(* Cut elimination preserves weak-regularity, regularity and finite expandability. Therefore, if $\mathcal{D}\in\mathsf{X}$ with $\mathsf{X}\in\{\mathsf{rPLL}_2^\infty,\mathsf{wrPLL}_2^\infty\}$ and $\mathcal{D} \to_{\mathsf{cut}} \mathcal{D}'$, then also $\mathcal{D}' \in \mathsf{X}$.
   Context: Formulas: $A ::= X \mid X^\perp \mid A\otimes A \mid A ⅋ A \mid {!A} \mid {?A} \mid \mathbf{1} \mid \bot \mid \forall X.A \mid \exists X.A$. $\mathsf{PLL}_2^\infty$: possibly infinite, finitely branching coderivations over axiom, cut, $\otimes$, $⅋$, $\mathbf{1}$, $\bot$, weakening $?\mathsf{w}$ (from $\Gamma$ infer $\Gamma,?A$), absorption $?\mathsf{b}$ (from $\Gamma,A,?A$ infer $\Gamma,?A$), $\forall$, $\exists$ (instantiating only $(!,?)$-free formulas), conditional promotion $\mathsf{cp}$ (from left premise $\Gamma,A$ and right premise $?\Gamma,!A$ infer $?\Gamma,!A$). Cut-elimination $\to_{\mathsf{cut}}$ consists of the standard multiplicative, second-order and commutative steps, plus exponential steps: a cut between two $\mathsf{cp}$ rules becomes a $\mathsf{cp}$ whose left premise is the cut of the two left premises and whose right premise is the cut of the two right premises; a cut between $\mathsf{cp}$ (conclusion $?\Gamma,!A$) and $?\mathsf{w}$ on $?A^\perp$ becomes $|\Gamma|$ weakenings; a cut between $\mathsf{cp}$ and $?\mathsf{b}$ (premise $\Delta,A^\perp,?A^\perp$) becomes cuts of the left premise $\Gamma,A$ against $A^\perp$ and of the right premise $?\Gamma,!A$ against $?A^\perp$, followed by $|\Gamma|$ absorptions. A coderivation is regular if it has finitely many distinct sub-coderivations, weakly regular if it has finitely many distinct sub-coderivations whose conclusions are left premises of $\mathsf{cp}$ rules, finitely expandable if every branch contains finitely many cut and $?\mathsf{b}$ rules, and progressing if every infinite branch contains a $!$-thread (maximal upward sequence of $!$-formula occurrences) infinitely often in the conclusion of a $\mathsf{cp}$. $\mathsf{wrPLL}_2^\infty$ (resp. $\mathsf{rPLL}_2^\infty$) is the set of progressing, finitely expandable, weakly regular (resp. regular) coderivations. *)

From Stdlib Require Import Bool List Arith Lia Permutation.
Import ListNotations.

· · ·

▶ Problem requirements: Search the material above for lines containing the string "Import", then pull them out.

▶ Solution to this task:
From Stdlib Require Import Bool List Arith Lia Permutation.
Import ListNotations.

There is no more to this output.